Удивительны причуды народа! Он требует своей истории в изложении поэта, а не историка. Он требует не точного отчета о голых фактах, а растворения их в той изначальной поэзии, из которой они возникли. Это знают поэты, и не без тайного злорадства они по своему произволу перерабатывают народные предания, едва ли не с тем, чтобы посмеяться над сухой спесью историков и пергаментных государственных архивариусов. Немало позабавило меня, когда в лавках на последней ярмарке я увидел историю Велизария* в ярко раскрашенных картинках, притом не по Прокопию*, а в точности по трагедии Шенка*. «Так искажается история, — воскликнул мой ученый друг, сопровождавший меня, — ведь там нет ничего о мести оскорбленной супруги, о захваченном в плен сыне, о любящей дочери и о прочих сердечных измышлениях нынешнего времени!» Но разве же это недостаток, в самом деле?
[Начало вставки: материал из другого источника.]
(* Under the setting of the context, define $c^{(m)}(i,y)=\sum_{u\in\mathcal V}q(i,y,u)\bigl[(v-g)(i,y+u/m)-(v-g)(i,y)\bigr]$ for $i\in E$, $y\in[0,1]^d$, and $$Z_{n+1}=R_{n+1}+v(\xi_{n+1},R_{n+1}/m)-\bigl[R_n+v(\xi_n,R_n/m)+(h-g)(\xi_n,R_n/m)+c^{(m)}(\xi_n,R_n/m)\bigr].$$ Then $\mathbb E(Z_{n+1}\mid\mathcal F_n)=0$ for all $n\ge0$, i.e. $R_{n+1}+v(\xi_{n+1},R_{n+1}/m)=R_n+v(\xi_n,R_n/m)+(h-g)(\xi_n,R_n/m)+c^{(m)}(\xi_n,R_n/m)+Z_{n+1}$ with $Z_{n+1}$ a martingale increment. Moreover there is a constant $C$, depending only on $E$, $P$ and $p$, such that $|c^{(m)}(i,y)|\le C/m$ for all $m\ge1$, $i\in E$, $y\in[0,1]^d$.
   Context: Let $d\ge1$, $(e_1,\dots,e_d)$ the canonical basis, $\mathcal V=\{\pm e_1,\dots,\pm e_d\}$. Let $E$ be a finite set and $P$ an irreducible and aperiodic stochastic matrix on $E$ with unique invariant probability $\mu$. For $k\in E$, $y\in\mathbb R^d$, $p(k,y,\cdot)$ is a probability on $\mathcal V$, with $y\mapsto p(k,y,u)$ twice continuously differentiable with bounded derivatives. Let $g(k,y)=\sum_uu\,p(k,y,u)$, assumed to satisfy $\sum_k\mu(k)g(k,y)=0$ for all $y$, and $v(i,y)=\sum_{n\ge0}\sum_jP^n(i,j)g(j,y)$. Reflected kernel: for $k\in E$, $y\in[0,1]^d$, $\ell\le d$: if $0<y_\ell<1$, $q(k,y,\pm e_\ell)=p(k,y,\pm e_\ell)$; if $y_\ell=1$, $q(k,y,e_\ell)=0$, $q(k,y,-e_\ell)=p(k,y,e_\ell)+p(k,y,-e_\ell)$; if $y_\ell=0$, $q(k,y,-e_\ell)=0$, $q(k,y,e_\ell)=p(k,y,e_\ell)+p(k,y,-e_\ell)$; $h(k,y)=\sum_uu\,q(k,y,u)$. For $m\ge1$, $(\xi_n,R_n)_{n\ge0}$ is a Markov chain on $E\times\{0,\dots,m\}^d$ with $R_0=0$ and, with $\mathcal F_n=\sigma(\xi_0,\dots,\xi_n,R_0,\dots,R_n)$, $\mathbb P(\xi_{n+1}=k,R_{n+1}=R_n+u\mid\mathcal F_n)=P(\xi_n,k)q(\xi_n,R_n/m,u)$. *)

From HB Require Import structures.
From mathcomp Require Import all_boot all_order all_algebra.
From mathcomp Require Import all_classical all_reals all_analysis.

Set Implicit Arguments.
Unset Strict Implicit.
Unset Printing Implicit Defensive.

Import Order.TTheory GRing.Theory Num.Theory.
Import numFieldNormedType.Exports.
Local Open Scope classical_set_scope.
Local Open Scope ring_scope.

Section Defs.
Variable R : realType.

Section Chain.
Variable E : finType.
Variable P : E -> E -> R.

Fixpoint Ppow (n : nat) (i j : E) : R :=
  match n with
  | 0 => (i == j)%:R
  | n'.+1 => \sum_(k : E) P i k * Ppow n' k j
  end.

Definition stochastic : Prop :=
  (forall i j, 0 <= P i j) /\ (forall i, \sum_(j : E) P i j = 1).

Definition irreducible : Prop := forall i j, exists n, 0 < Ppow n i j.

Definition aperiodic : Prop :=
  forall i (k : nat), (forall n, (0 < n)%N -> 0 < Ppow n i i -> (k %| n)%N) ->
    k = 1%N.

Definition invariant_probability (mu : E -> R) : Prop :=
  (forall i, 0 <= mu i) /\ \sum_(i : E) mu i = 1 /\
  (forall j, \sum_(i : E) mu i * P i j = mu j).
End Chain.

Section Directions.
Variable d : nat.

Definition dirV (u : 'I_d * bool) : 'rV[R]_d :=
  (if u.2 then 1 else -1) *: delta_mx 0 u.1.

Definition unit_cube (y : 'rV[R]_d) : Prop := forall l, 0 <= y 0 l <= 1.

Definition C2_bounded_derivs (f : 'rV[R]_d -> R) : Prop :=
  (forall x l, derivable f x (delta_mx 0 l)) /\
  (forall x l l', derivable ('D_(delta_mx 0 l) f) x (delta_mx 0 l')) /\
  (forall l l', continuous ('D_(delta_mx 0 l') ('D_(delta_mx 0 l) f))) /\
  (exists M, forall x l, `|'D_(delta_mx 0 l) f x| <= M) /\
  (exists M, forall x l l', `|'D_(delta_mx 0 l') ('D_(delta_mx 0 l) f) x| <= M).

Variable E : finType.
Variable P : E -> E -> R.
Variable p : E -> 'rV[R]_d -> 'I_d * bool -> R.

Definition g (k : E) (y : 'rV[R]_d) : 'rV[R]_d :=
  \sum_(u : 'I_d * bool) p k y u *: dirV u.

Definition v (i : E) (y : 'rV[R]_d) : 'rV[R]_d :=
  limn (fun N => \sum_(0 <= n < N) \sum_(j : E) Ppow P n i j *: g j y).

Definition q (k : E) (y : 'rV[R]_d) (u : 'I_d * bool) : R :=
  let l := u.1 in
  let ptot := p k y (l, true) + p k y (l, false) in
  if y 0 l == 1 then (if u.2 then 0 else ptot)
  else if y 0 l == 0 then (if u.2 then ptot else 0)
  else p k y u.

Definition h (k : E) (y : 'rV[R]_d) : 'rV[R]_d :=
  \sum_(u : 'I_d * bool) q k y u *: dirV u.

Definition cm (m : nat) (i : E) (y : 'rV[R]_d) : 'rV[R]_d :=
  \sum_(u : 'I_d * bool) q i y u *:
    ((v i (y + m%:R^-1 *: dirV u) - g i (y + m%:R^-1 *: dirV u))
     - (v i y - g i y)).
И неужели надо тотчас привлекать поэтов к суду за такие подлоги? Нет, ибо я отвергаю обвинительный акт. История не фальсифицируется поэтами. Они передают смысл ее совершенно правдиво, хотя бы и прибегая к образам и событиям, вымышленным ими самими. Существуют народы, история которых изложена исключительно в такой поэтической форме, например индусы. И тем не менее такие поэмы, как «Махабхарата», передают смысл индийской истории гораздо правильнее, чем все составители компендиумов, со всеми их хронологическими датами. Равным образом я мог бы утверждать, что романы Вальтер Скотта передают дух английской истории гораздо вернее, чем Юм*; по крайней мере Сарториус* вполне прав, когда он, в своих дополнениях к Шпиттлеру, относит эти романы к числу источников по истории Англии.
С поэтами происходит то же, что со спящими, которые во сне как бы маскируют внутреннее чувство, возникшее в их душе под влиянием действительных внешних причин, и подменяют в сновидениях эти причины другими, также внешними, но равносильными в том смысле, что они вызывают точно такое же чувство. Так и в иммермановской «Трагедии» многие внешние обстоятельства вымышлены в достаточной степени произвольно, но сам герой, являющийся ее эмоциональным центром, создан грезой поэта в соответствии с истиной, и если этот образ, плод мечты, сам представлен мечтателем, то и это не противоречит действительности. Барон Гормайр*, компетентнейший судья в таком вопросе, недавно, когда я имел удовольствие с ним говорить, обратил мое внимание на это обстоятельство. Мистический элемент чувства, суеверная религиозность, эпический характер героя схвачены Иммерманом вполне правильно. Он воссоздал совершенно верно образ того верного голубя, который со сверкающим мечом в клюве, как сама воинствующая любовь, носился с такой героической отвагой над горами Тироля, пока пули Мантуи не пронизали его верное сердце.
Но что более всего служит к чести поэта, так это столь же правдивое изображение противника, из которого он не сделал некоего яростного Гесслера*, чтобы еще более превознести своего Гофера; как этот последний подобен голубю с мечом, так первый — орлу с оливковой ветвью.